YOUR TASK
Print every record exactly.

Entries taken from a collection
········

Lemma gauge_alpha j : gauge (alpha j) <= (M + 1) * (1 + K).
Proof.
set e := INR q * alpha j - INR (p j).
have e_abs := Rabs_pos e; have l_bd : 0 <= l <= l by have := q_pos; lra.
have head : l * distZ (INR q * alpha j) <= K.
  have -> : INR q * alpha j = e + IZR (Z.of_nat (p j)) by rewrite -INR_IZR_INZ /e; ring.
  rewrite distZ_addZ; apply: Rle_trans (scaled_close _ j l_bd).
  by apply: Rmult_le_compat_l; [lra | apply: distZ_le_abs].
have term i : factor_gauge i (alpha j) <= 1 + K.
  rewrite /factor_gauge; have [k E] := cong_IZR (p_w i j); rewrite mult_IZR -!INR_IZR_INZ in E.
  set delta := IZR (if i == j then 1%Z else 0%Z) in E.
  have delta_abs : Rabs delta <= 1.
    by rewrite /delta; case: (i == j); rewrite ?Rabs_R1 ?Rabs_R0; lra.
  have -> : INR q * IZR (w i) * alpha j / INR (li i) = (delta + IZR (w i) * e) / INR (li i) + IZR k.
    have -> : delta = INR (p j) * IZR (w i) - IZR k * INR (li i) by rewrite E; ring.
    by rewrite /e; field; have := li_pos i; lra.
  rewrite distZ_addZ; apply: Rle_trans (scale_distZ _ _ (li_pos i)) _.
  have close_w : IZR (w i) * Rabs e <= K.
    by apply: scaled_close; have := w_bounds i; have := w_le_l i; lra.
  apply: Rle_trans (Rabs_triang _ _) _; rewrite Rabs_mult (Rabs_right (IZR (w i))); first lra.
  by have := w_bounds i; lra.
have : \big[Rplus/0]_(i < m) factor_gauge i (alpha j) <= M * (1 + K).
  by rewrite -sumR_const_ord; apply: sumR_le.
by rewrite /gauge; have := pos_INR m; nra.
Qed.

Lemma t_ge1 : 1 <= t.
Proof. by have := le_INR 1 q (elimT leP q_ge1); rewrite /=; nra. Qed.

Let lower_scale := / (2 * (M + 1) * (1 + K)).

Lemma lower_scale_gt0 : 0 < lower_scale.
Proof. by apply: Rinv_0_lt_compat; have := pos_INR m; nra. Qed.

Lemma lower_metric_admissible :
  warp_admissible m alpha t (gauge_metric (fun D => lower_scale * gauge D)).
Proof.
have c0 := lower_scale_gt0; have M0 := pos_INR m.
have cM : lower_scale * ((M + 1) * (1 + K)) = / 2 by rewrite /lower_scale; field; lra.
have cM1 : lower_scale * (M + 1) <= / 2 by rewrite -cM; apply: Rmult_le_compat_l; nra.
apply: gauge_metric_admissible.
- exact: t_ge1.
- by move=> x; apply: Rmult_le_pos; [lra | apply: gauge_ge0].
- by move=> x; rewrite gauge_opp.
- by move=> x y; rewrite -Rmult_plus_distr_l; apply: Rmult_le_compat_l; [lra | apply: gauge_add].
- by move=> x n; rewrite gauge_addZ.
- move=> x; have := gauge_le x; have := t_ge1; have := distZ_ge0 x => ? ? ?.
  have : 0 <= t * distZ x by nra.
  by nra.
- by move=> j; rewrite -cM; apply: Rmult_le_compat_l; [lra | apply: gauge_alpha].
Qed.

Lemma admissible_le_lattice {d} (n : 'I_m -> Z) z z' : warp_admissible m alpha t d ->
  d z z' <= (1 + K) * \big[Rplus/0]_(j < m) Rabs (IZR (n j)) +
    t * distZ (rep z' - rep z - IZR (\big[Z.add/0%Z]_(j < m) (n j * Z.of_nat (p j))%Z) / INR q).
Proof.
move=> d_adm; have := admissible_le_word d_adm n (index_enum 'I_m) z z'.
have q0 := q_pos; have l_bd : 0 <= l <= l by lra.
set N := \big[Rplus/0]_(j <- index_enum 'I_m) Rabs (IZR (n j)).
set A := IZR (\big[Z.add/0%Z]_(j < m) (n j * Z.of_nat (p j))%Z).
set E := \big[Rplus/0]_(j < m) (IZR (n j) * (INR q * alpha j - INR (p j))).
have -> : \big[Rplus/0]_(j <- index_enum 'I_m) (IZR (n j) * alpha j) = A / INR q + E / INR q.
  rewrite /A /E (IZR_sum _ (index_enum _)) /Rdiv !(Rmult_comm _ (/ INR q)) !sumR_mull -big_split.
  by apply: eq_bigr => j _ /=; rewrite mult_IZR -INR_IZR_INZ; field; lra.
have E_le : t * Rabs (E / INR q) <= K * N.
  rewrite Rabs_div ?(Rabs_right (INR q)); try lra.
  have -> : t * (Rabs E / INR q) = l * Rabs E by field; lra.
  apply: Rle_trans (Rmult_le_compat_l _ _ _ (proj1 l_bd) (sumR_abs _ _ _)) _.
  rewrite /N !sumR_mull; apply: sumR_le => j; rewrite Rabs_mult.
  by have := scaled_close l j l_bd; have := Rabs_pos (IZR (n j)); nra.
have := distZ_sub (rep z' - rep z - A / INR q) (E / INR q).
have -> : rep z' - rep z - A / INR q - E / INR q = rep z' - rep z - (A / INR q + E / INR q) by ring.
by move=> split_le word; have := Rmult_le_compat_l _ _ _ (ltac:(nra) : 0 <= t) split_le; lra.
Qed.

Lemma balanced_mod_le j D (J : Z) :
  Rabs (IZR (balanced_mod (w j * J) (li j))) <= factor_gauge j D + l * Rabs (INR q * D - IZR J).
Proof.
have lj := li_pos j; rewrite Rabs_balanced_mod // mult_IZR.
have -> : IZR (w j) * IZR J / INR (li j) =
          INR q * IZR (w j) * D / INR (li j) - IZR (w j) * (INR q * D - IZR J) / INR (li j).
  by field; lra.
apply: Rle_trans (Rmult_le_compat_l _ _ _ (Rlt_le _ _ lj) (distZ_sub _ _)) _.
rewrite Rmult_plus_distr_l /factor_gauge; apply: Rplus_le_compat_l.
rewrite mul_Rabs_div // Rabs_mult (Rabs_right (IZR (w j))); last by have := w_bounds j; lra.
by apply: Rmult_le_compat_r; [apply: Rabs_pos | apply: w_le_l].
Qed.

········

YOUR SOLUTION
Lemma gauge_alpha j : gauge (alpha j) <= (M + 1) * (1 + K).
Proof.
set e := INR q * alpha j - INR (p j).
have e_abs := Rabs_pos e; have l_bd : 0 <= l <= l by have := q_pos; lra.
have head : l * distZ (INR q * alpha j) <= K.
  have -> : INR q * alpha j = e + IZR (Z.of_nat (p j)) by rewrite -INR_IZR_INZ /e; ring.
  rewrite distZ_addZ; apply: Rle_trans (scaled_close _ j l_bd).
  by apply: Rmult_le_compat_l; [lra | apply: distZ_le_abs].
have term i : factor_gauge i (alpha j) <= 1 + K.
  rewrite /factor_gauge; have [k E] := cong_IZR (p_w i j); rewrite mult_IZR -!INR_IZR_INZ in E.
  set delta := IZR (if i == j then 1%Z else 0%Z) in E.
  have delta_abs : Rabs delta <= 1.
    by rewrite /delta; case: (i == j); rewrite ?Rabs_R1 ?Rabs_R0; lra.
  have -> : INR q * IZR (w i) * alpha j / INR (li i) = (delta + IZR (w i) * e) / INR (li i) + IZR k.
    have -> : delta = INR (p j) * IZR (w i) - IZR k * INR (li i) by rewrite E; ring.
    by rewrite /e; field; have := li_pos i; lra.
  rewrite distZ_addZ; apply: Rle_trans (scale_distZ _ _ (li_pos i)) _.
  have close_w : IZR (w i) * Rabs e <= K.
    by apply: scaled_close; have := w_bounds i; have := w_le_l i; lra.
  apply: Rle_trans (Rabs_triang _ _) _; rewrite Rabs_mult (Rabs_right (IZR (w i))); first lra.
  by have := w_bounds i; lra.
have : \big[Rplus/0]_(i < m) factor_gauge i (alpha j) <= M * (1 + K).
  by rewrite -sumR_const_ord; apply: sumR_le.
by rewrite /gauge; have := pos_INR m; nra.
Qed.

Lemma t_ge1 : 1 <= t.
Proof. by have := le_INR 1 q (elimT leP q_ge1); rewrite /=; nra. Qed.

Let lower_scale := / (2 * (M + 1) * (1 + K)).

Lemma lower_scale_gt0 : 0 < lower_scale.
Proof. by apply: Rinv_0_lt_compat; have := pos_INR m; nra. Qed.

Lemma lower_metric_admissible :
  warp_admissible m alpha t (gauge_metric (fun D => lower_scale * gauge D)).
Proof.
have c0 := lower_scale_gt0; have M0 := pos_INR m.
have cM : lower_scale * ((M + 1) * (1 + K)) = / 2 by rewrite /lower_scale; field; lra.
have cM1 : lower_scale * (M + 1) <= / 2 by rewrite -cM; apply: Rmult_le_compat_l; nra.
apply: gauge_metric_admissible.
- exact: t_ge1.
- by move=> x; apply: Rmult_le_pos; [lra | apply: gauge_ge0].
- by move=> x; rewrite gauge_opp.
- by move=> x y; rewrite -Rmult_plus_distr_l; apply: Rmult_le_compat_l; [lra | apply: gauge_add].
- by move=> x n; rewrite gauge_addZ.
- move=> x; have := gauge_le x; have := t_ge1; have := distZ_ge0 x => ? ? ?.
  have : 0 <= t * distZ x by nra.
  by nra.
- by move=> j; rewrite -cM; apply: Rmult_le_compat_l; [lra | apply: gauge_alpha].
Qed.

Lemma admissible_le_lattice {d} (n : 'I_m -> Z) z z' : warp_admissible m alpha t d ->
  d z z' <= (1 + K) * \big[Rplus/0]_(j < m) Rabs (IZR (n j)) +
    t * distZ (rep z' - rep z - IZR (\big[Z.add/0%Z]_(j < m) (n j * Z.of_nat (p j))%Z) / INR q).
Proof.
move=> d_adm; have := admissible_le_word d_adm n (index_enum 'I_m) z z'.
have q0 := q_pos; have l_bd : 0 <= l <= l by lra.
set N := \big[Rplus/0]_(j <- index_enum 'I_m) Rabs (IZR (n j)).
set A := IZR (\big[Z.add/0%Z]_(j < m) (n j * Z.of_nat (p j))%Z).
set E := \big[Rplus/0]_(j < m) (IZR (n j) * (INR q * alpha j - INR (p j))).
have -> : \big[Rplus/0]_(j <- index_enum 'I_m) (IZR (n j) * alpha j) = A / INR q + E / INR q.
  rewrite /A /E (IZR_sum _ (index_enum _)) /Rdiv !(Rmult_comm _ (/ INR q)) !sumR_mull -big_split.
  by apply: eq_bigr => j _ /=; rewrite mult_IZR -INR_IZR_INZ; field; lra.
have E_le : t * Rabs (E / INR q) <= K * N.
  rewrite Rabs_div ?(Rabs_right (INR q)); try lra.
  have -> : t * (Rabs E / INR q) = l * Rabs E by field; lra.
  apply: Rle_trans (Rmult_le_compat_l _ _ _ (proj1 l_bd) (sumR_abs _ _ _)) _.
  rewrite /N !sumR_mull; apply: sumR_le => j; rewrite Rabs_mult.
  by have := scaled_close l j l_bd; have := Rabs_pos (IZR (n j)); nra.
have := distZ_sub (rep z' - rep z - A / INR q) (E / INR q).
have -> : rep z' - rep z - A / INR q - E / INR q = rep z' - rep z - (A / INR q + E / INR q) by ring.
by move=> split_le word; have := Rmult_le_compat_l _ _ _ (ltac:(nra) : 0 <= t) split_le; lra.
Qed.

Lemma balanced_mod_le j D (J : Z) :
  Rabs (IZR (balanced_mod (w j * J) (li j))) <= factor_gauge j D + l * Rabs (INR q * D - IZR J).
Proof.
have lj := li_pos j; rewrite Rabs_balanced_mod // mult_IZR.
have -> : IZR (w j) * IZR J / INR (li j) =
          INR q * IZR (w j) * D / INR (li j) - IZR (w j) * (INR q * D - IZR J) / INR (li j).
  by field; lra.
apply: Rle_trans (Rmult_le_compat_l _ _ _ (Rlt_le _ _ lj) (distZ_sub _ _)) _.
rewrite Rmult_plus_distr_l /factor_gauge; apply: Rplus_le_compat_l.
rewrite mul_Rabs_div // Rabs_mult (Rabs_right (IZR (w j))); last by have := w_bounds j; lra.
by apply: Rmult_le_compat_r; [apply: Rabs_pos | apply: w_le_l].
Qed.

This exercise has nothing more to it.